Problem details ▸ Would you transcribe the line that holds "elim: r => [//|a", plus every line beneath it through the end of the data, exactly and with nothing added?

Records to use ▸
Lemma biglcm_gt0 (r : seq T) : (forall x, x \in r -> 0 < F x)%N ->
  (0 < \big[lcmn/1%N]_(y <- r) F y)%N.
Proof.
move=> pos; rewrite big_seq; elim/big_ind: _ => [|a b a0 b0|x /pos] //.
by rewrite lcmn_gt0 a0 b0.
Qed.

Lemma prime_dvd_biglcm (r : seq T) p : prime p ->
  (p %| \big[lcmn/1%N]_(y <- r) F y)%N -> exists2 x, x \in r & (p %| F x)%N.
Proof.
move=> p_pr; elim: r => [|a r IH]; first by rewrite big_nil dvdn1 => /eqP p1; rewrite p1 in p_pr.
rewrite big_cons => pl.
have : (p %| F a * \big[lcmn/1%N]_(y <- r) F y)%N.
  by apply: dvdn_trans pl _; rewrite dvdn_lcm dvdn_mulr // dvdn_mull.
rewrite Euclid_dvdM // => /orP [pa|/IH [x xr px]]; first by exists a; rewrite ?mem_head.
by exists x; rewrite // inE xr orbT.
Qed.

Lemma biggcd_dvdn (r : seq T) x : x \in r -> (\big[gcdn/0%N]_(y <- r) F y %| F x)%N.
Proof.
elim: r => [//|a r IH]; rewrite inE big_cons => /orP [/eqP ->|xr].
  exact: dvdn_gcdl.
exact: dvdn_trans (dvdn_gcdr _ _) (IH xr).
Qed.

End BigLcm.

Lemma radn_eq a b : (0 < a)%N -> (0 < b)%N ->
  (forall p, prime p -> (p %| a)%N = (p %| b)%N) -> radn a = radn b.
Proof.
move=> a_gt0 b_gt0 ab; rewrite /radn; have -> // : primes a = primes b.
apply/eq_primes => p.
by rewrite !mem_primes a_gt0 b_gt0; case: (boolP (prime p)) => //= /ab.
Qed.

Your solution ▸
elim: r => [//|a r IH]; rewrite inE big_cons => /orP [/eqP ->|xr].
  exact: dvdn_gcdl.
exact: dvdn_trans (dvdn_gcdr _ _) (IH xr).
Qed.

End BigLcm.

Lemma radn_eq a b : (0 < a)%N -> (0 < b)%N ->
  (forall p, prime p -> (p %| a)%N = (p %| b)%N) -> radn a = radn b.
Proof.
move=> a_gt0 b_gt0 ab; rewrite /radn; have -> // : primes a = primes b.
apply/eq_primes => p.
by rewrite !mem_primes a_gt0 b_gt0; case: (boolP (prime p)) => //= /ab.
Qed.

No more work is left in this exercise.